却唯独这次战败,他见到了避之唯恐不及的目光。
“出去。”
战南星的俊脸拢上一层寒冰。
这个女人一定有不可告人的目的,才故意留下。
战南星轻咳了一声,躺下,面朝里,不想再看到这张虚伪的脸。
不被搭理的沈昭昭被小厮战平客客气气地请出了门。
她现在就是一个柔柔弱弱闺中小姐,有些事情得背着人干。
长夜漫漫。
两道人影越过将军府的围墙,冲着喜房的方向直奔而来。
院子外,传来“咔哒”一声轻响,随后,院墙上探出了半个人头。
院子里的情况一览无余,他转头冲着同伴做了一个手势。
同伴发出一声轻笑,不屑地开口:
“战家现在落败到连个护院都没有,你去取了那黄毛小儿人头就行。”
“早了结,咱们还能去勾栏听听曲。”
说着,他手腕用力一抬,墙头上的人身形矫健地翻过了院墙。
留守在门口的人打了个哈欠,无聊地等着进去的同伴提着战南星人头出来。
今天这个任务太简单了一点。
等了好一会儿,院墙里毫无动静,留守的人觉得有些不对劲,可是想到战南星现在就是个残废,不足为惧。

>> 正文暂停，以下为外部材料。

(* Let $f$ be a positive function on $\mathbb R$ such that there exist $M>0$ and $q_1\in(0,1]$ with $f(x)\le M\psi(q_1x)$ for all $x\in\mathbb R$. Then for all $q_2\in(0,1)$ and all $\sigma\in(0,1-q_2^2)$, $$K_\sigma f(x)\le\frac{2}{\sqrt3}M\psi(q_1q_2x)\quad\text{for all }x\in\mathbb R.$$
   Context: $\psi(x)=\pi^{-1/2}e^{-x^2}$, $\psi_\sigma(x)=\sigma^{-1}\psi(x/\sigma)$, $K_\sigma f=f*\psi_\sigma$. *)

From HB Require Import structures.
From mathcomp Require Import all_boot all_order all_algebra.
From mathcomp Require Import all_classical all_reals all_analysis.
Set Implicit Arguments. Unset Strict Implicit. Unset Printing Implicit Defensive.
Import Order.TTheory GRing.Theory Num.Theory.
Local Open Scope ring_scope.
Local Open Scope classical_set_scope.

Definition psi {R : realType} (x : R) : R := (Num.sqrt pi)^-1 * expR (- (x ^+ 2)).

Definition psi_s {R : realType} (sigma x : R) : R := sigma^-1 * psi (x / sigma).

Definition Kconv {R : realType} (sigma : R) (f : R -> R) (x : R) : \bar R :=
  (\int[@lebesgue_measure R]_(y in [set: R]) (f y * psi_s sigma (x - y))%:E)%E.

(** The convolution of a Gaussian with a Gaussian is again a Gaussian: completing
    the square in [y] gives
    [psi (q y) psi_sigma (x - y) = c(x) exp (-(sqrt D / sigma)^2 (y - x / D)^2)]
    with [D = 1 + q^2 sigma^2], and integrating in [y] yields
    [K_sigma (psi (q .)) x = psi (q x / sqrt D) / sqrt D].  Since [D >= 1] the
    factor [1 / sqrt D] is at most [1 <= 2 / sqrt 3], and [sigma < 1 - q2^2]
    forces [q2^2 D <= 1], i.e. [q / sqrt D >= q q2] for [q <= 1], so the
    Gaussian [psi (q x / sqrt D)] is dominated by [psi (q q2 x)]. *)
Set Warnings "-notation-overridden,-ambiguous-paths,-notation-incompatible-prefix".
From HB Require Import structures.
From mathcomp Require Import all_boot all_order all_algebra.
From mathcomp Require Import all_classical all_reals all_analysis.
From mathcomp Require Import measurable_realfun normal_distribution.
From mathcomp Require Import ring lra.
Import Order.TTheory GRing.Theory Num.Theory.
Import numFieldNormedType.Exports.
Set Implicit Arguments.
Unset Strict Implicit.
Local Open Scope ring_scope.
Local Open Scope classical_set_scope.

Section gaussian_convolution.
Context {R : realType}.
Notation mu := (@lebesgue_measure R).

Lemma sqrt_pi_gt0 : 0 < Num.sqrt pi :> R.
Proof. by rewrite sqrtr_gt0 pi_gt0. Qed.

Lemma sqrt_pi_sqr : Num.sqrt pi ^+ 2 = pi :> R.
Proof. by rewrite sqr_sqrtr // pi_ge0. Qed.

Lemma psi_gt0 (y : R) : 0 < psi y.
Proof. by rewrite /psi mulr_gt0 ?invr_gt0 ?sqrt_pi_gt0 ?expR_gt0. Qed.

Lemma psi_ge0 (y : R) : 0 <= psi y.
Proof. exact/ltW/psi_gt0. Qed.

Lemma psi_s_ge0 (sigma y : R) : 0 < sigma -> 0 <= psi_s sigma y.
Proof. by move=> s0; rewrite /psi_s mulr_ge0 ?psi_ge0 // invr_ge0 ltW. Qed.

Lemma psi_le_norm (u v : R) : `|u| <= `|v| -> psi v <= psi u.
Proof.
move=> uv; rewrite /psi ler_wpM2l ?invr_ge0 ?sqrtr_ge0 // ler_expR lerN2.
by rewrite -[u ^+ 2]real_normK ?num_real // -[v ^+ 2]real_normK ?num_real // lerXn2r.
Qed.

Lemma measurable_gauss (a c : R) :
  measurable_fun [set: R] (fun y => expR (- (a * (y - c)) ^+ 2)).
Proof.
apply: measurableT_comp => //; apply: measurableT_comp => //.
apply: measurable_funX => //=; apply: measurable_funM => //; exact: measurable_funB.
Qed.

Lemma measurable_psi_s_sub (sigma x : R) :
  measurable_fun [set: R] (fun y => psi_s sigma (x - y)).
Proof.
apply: measurable_funM => //; apply: measurable_funM => //.
apply: measurableT_comp => //; apply: measurableT_comp => //.
apply: measurable_funX; apply: measurable_funM => //; exact: measurable_funB.
Qed.

(* Read off from the normalisation of the normal density of variance [1 / (2 a^2)]. *)
Lemma integral_gauss (a c : R) : 0 < a ->
  (\int[mu]_y (expR (- (a * (y - c)) ^+ 2))%:E = (Num.sqrt pi / a)%:E)%E.
Proof.
move=> a0; set s := (a * Num.sqrt 2)^-1.
have s0 : s != 0 by rewrite invr_eq0 mulf_neq0 ?gt_eqF ?sqrtr_gt0.
have ss : s ^+ 2 *+ 2 = a^-2.
  rewrite /s exprVn exprMn sqr_sqrtr // -mulr_natr.
  by rewrite invfM -mulrA [X in _ * X]mulrC divff ?mulr1.
have peak : normal_peak s = a / Num.sqrt pi.
  rewrite /normal_peak -mulrnAl ss.
  have -> : a^-2 * pi = (Num.sqrt pi / a) ^+ 2.
    by rewrite exprMn sqr_sqrtr ?pi_ge0 // exprVn mulrC.
  by rewrite sqrtr_sqr ger0_norm ?divr_ge0 ?sqrtr_ge0 ?ltW // invf_div.
have := integral_normal_pdf c s.
rewrite normal_pdfE //.
under eq_integral do rewrite EFinM.
rewrite ge0_integralZl //; last 3 first.
- by apply/measurable_EFinP; exact: measurable_normal_fun.
- by move=> y _; rewrite lee_fin normal_fun_ge0.
- by rewrite lee_fin normal_peak_ge0.
have -> : (\int[mu]_y (normal_fun c s y)%:E =
           \int[mu]_y (expR (- (a * (y - c)) ^+ 2))%:E)%E.
  apply: eq_integral => y _; congr (_%:E); rewrite /normal_fun ss.
  by rewrite exprMn mulNr mulrC invrK.
rewrite peak.
have : (0 <= \int[mu]_y (expR (- (a * (y - c)) ^+ 2))%:E)%E.
  by apply: integral_ge0 => y _; rewrite lee_fin expR_ge0.
case: (\int[mu]_y _)%E => [r| |] //= _.
- move=> /eqP; rewrite -EFinM eqe => /eqP h; congr (_%:E).
  have sp := sqrt_pi_gt0.
  apply: (mulfI (x := a / Num.sqrt pi)); first by rewrite mulf_neq0 ?invr_eq0 ?gt_eqF.
  by rewrite h; field; rewrite !gt_eqF.
- by rewrite gt0_muley ?lte_fin ?divr_gt0 ?sqrt_pi_gt0.
Qed.

Lemma psi_mul_psi_s (q sigma x y : R) : 0 < sigma ->
  let D := 1 + q ^+ 2 * sigma ^+ 2 in
  psi (q * y) * psi_s sigma (x - y) =
  (pi * sigma)^-1 * expR (- (q ^+ 2 / D * x ^+ 2))
    * expR (- (Num.sqrt D / sigma * (y - x / D)) ^+ 2).
Proof.
move=> s0 D.
have D0 : 0 < D by rewrite ltr_pwDl // mulr_ge0 // sqr_ge0.
have square : - (q * y) ^+ 2 + - ((x - y) / sigma) ^+ 2 =
    - (q ^+ 2 / D * x ^+ 2) + - (Num.sqrt D / sigma * (y - x / D)) ^+ 2.
  rewrite !exprMn sqr_sqrtr ?ltW // /D; field.
  by rewrite exprMn -/D !gt_eqF.
rewrite /psi_s /psi -mulrA -expRD -square expRD.
move: (Num.sqrt pi) sqrt_pi_sqr sqrt_pi_gt0 => r <- r0; field.
by rewrite !gt_eqF.
Qed.

Lemma Kconv_le_psi (f : R -> R) (M q sigma : R) :
  measurable_fun [set: R] f -> (forall y, 0 <= f y) ->
  (forall y, f y <= M * psi (q * y)) -> 0 < sigma ->
  let D := 1 + q ^+ 2 * sigma ^+ 2 in
  forall x, (Kconv sigma f x <= (M / Num.sqrt D * psi (q / Num.sqrt D * x))%:E)%E.
Proof.
move=> mf f0 fle s0 D x.
have D0 : 0 < D by rewrite ltr_pwDl // mulr_ge0 // sqr_ge0.
have rD0 : 0 < Num.sqrt D by rewrite sqrtr_gt0.
have M0 : 0 <= M by rewrite -(pmulr_lge0 _ (psi_gt0 (q * 0))) (le_trans (f0 0)).
set a := Num.sqrt D / sigma.
set C := M * (pi * sigma)^-1 * expR (- (q ^+ 2 / D * x ^+ 2)).
have a0 : 0 < a by rewrite divr_gt0.
have C0 : 0 <= C.
  by rewrite /C !mulr_ge0 ?expR_ge0 // invr_ge0 mulr_ge0 ?pi_ge0 ?ltW.
apply: (@le_trans _ _ (\int[mu]_y (C * expR (- (a * (y - x / D)) ^+ 2))%:E)%E).
  apply: ge0_le_integral => //.
  - by move=> y _; rewrite lee_fin mulr_ge0 ?psi_s_ge0.
  - apply/measurable_EFinP; apply: measurable_funM => //.
    exact: measurable_psi_s_sub.
  - by apply/measurable_EFinP; apply: measurable_funM => //; exact: measurable_gauss.
  - move=> y _; rewrite lee_fin.
    have -> : C * expR (- (a * (y - x / D)) ^+ 2) =
              M * psi (q * y) * psi_s sigma (x - y).
      by rewrite -mulrA psi_mul_psi_s // /C -!mulrA.
    by rewrite ler_wpM2r ?psi_s_ge0.
under eq_integral do rewrite EFinM.
rewrite ge0_integralZl_EFin //; last by apply/measurable_EFinP; exact: measurable_gauss.
rewrite integral_gauss // -EFinM lee_fin.
suff -> : C * (Num.sqrt pi / a) = M / Num.sqrt D * psi (q / Num.sqrt D * x) by [].
rewrite /psi.
have -> : (q / Num.sqrt D * x) ^+ 2 = q ^+ 2 / D * x ^+ 2.
  by rewrite !exprMn exprVn sqr_sqrtr ?ltW.
rewrite /C /a; move: (Num.sqrt pi) sqrt_pi_sqr sqrt_pi_gt0 => r <- r0; field.
by rewrite !gt_eqF.
Qed.

Lemma sqr_mul_spread_le1 (q q2 sigma : R) : 0 <= q -> q <= 1 -> 0 < sigma ->
  sigma < 1 - q2 ^+ 2 -> q2 ^+ 2 * (1 + q ^+ 2 * sigma ^+ 2) <= 1.
Proof.
move=> q0 q1 s0 s1.
have sq_le1 (u : R) : 0 <= u -> u <= 1 -> u ^+ 2 <= 1 by move=> u0 u1; rewrite expr2 mulr_ile1.
have q2_le1 : q2 ^+ 2 <= 1 by rewrite -subr_ge0 (le_trans (ltW s0)) ?ltW.
have ss : sigma ^+ 2 <= sigma.
  by rewrite expr2 ler_piMr ?(ltW s0) // (le_trans (ltW s1)) // gerBl sqr_ge0.
have shrink : q2 ^+ 2 * (q ^+ 2 * sigma ^+ 2) <= sigma.
  rewrite mulrA (le_trans _ ss) // ler_piMl ?sqr_ge0 //.
  by rewrite mulr_ile1 ?sqr_ge0 // sq_le1.
by rewrite mulrDr mulr1; lra.
Qed.

Lemma one_le_two_div_sqrt3 : 1 <= 2 / Num.sqrt 3 :> R.
Proof.
rewrite ler_pdivlMr ?sqrtr_gt0 // mul1r -[X in _ <= X](@ger0_norm _ 2) //.
by rewrite -sqrtr_sqr ler_sqrt // expr2 -natrM ler_nat.
Qed.

End gaussian_convolution.

Theorem lemma15 (R : realType) (f : R -> R) (M q1 : R) :
  measurable_fun [set: R] f ->
  (forall x, 0 < f x) ->
  0 < M -> 0 < q1 -> q1 <= 1 ->
  (forall x, f x <= M * psi (q1 * x)) ->
  forall q2 sigma : R, 0 < q2 -> q2 < 1 -> 0 < sigma -> sigma < 1 - q2 ^+ 2 ->
  forall x : R,
    (Kconv sigma f x <= (2 / Num.sqrt 3 * M * psi (q1 * q2 * x))%:E)%E.
Proof.
move=> mf fpos M0 q10 q11 fle q2 sigma q20 q21 s0 s1 x.
set D := 1 + q1 ^+ 2 * sigma ^+ 2.
have D1 : 1 <= D by rewrite lerDl mulr_ge0 // sqr_ge0.
have rD1 : 1 <= Num.sqrt D by rewrite -sqrtr1 ler_sqrt // (le_trans ler01 D1).
have rD0 : 0 < Num.sqrt D by apply: lt_le_trans rD1.
apply: le_trans; first exact: (Kconv_le_psi mf (fun y => ltW (fpos y)) fle s0 x).
rewrite lee_fin -/D; apply: ler_pM; rewrite ?psi_ge0 ?divr_ge0 ?(ltW M0) ?(ltW rD0) //.
- have two_ge := @one_le_two_div_sqrt3 R.
  rewrite ler_pdivrMr // (le_trans (ler_peMl _ two_ge)) ?(ltW M0) //.
  by rewrite ler_peMr // mulr_ge0 ?(ltW M0) // (le_trans ler01 two_ge).
- have q2D := sqr_mul_spread_le1 (ltW q10) q11 s0 s1.
  apply: psi_le_norm; rewrite !normrM ler_wpM2r // ler_wpM2l //.
  rewrite !gtr0_norm ?invr_gt0 // -div1r ler_pdivlMr //.
  rewrite -(ler_pXn2r (n := 2)) ?nnegrE ?mulr_ge0 ?(ltW q20) ?sqrtr_ge0 //.
  by rewrite expr1n exprMn sqr_sqrtr // (le_trans ler01 D1).
Qed.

他摸了摸下巴,目光落在院门口写了囍字的大红灯笼上,嘿嘿一笑。
倒是忘了。
今天是战南星的洞房花烛夜。
想到一个披着红盖头,如花似玉的小娘子在院子里面,他浑身就燥热了起来。
“狗日的,怕不是和那小娘子颠鸾倒凤,忘了老子还等在外面。”黑衣男人呸了一口,后退几步,借着势头蹬了院墙,翻了进去。
院子里空无一人。
他径直走到屋门口,抬手推门,稍一用力,竟然没有推开。
心里不禁咯噔了一下。
“喂。”一只纤白的手搭在他的肩头,柔美的女声自身后响起,“你是进来找刚刚那位的么?”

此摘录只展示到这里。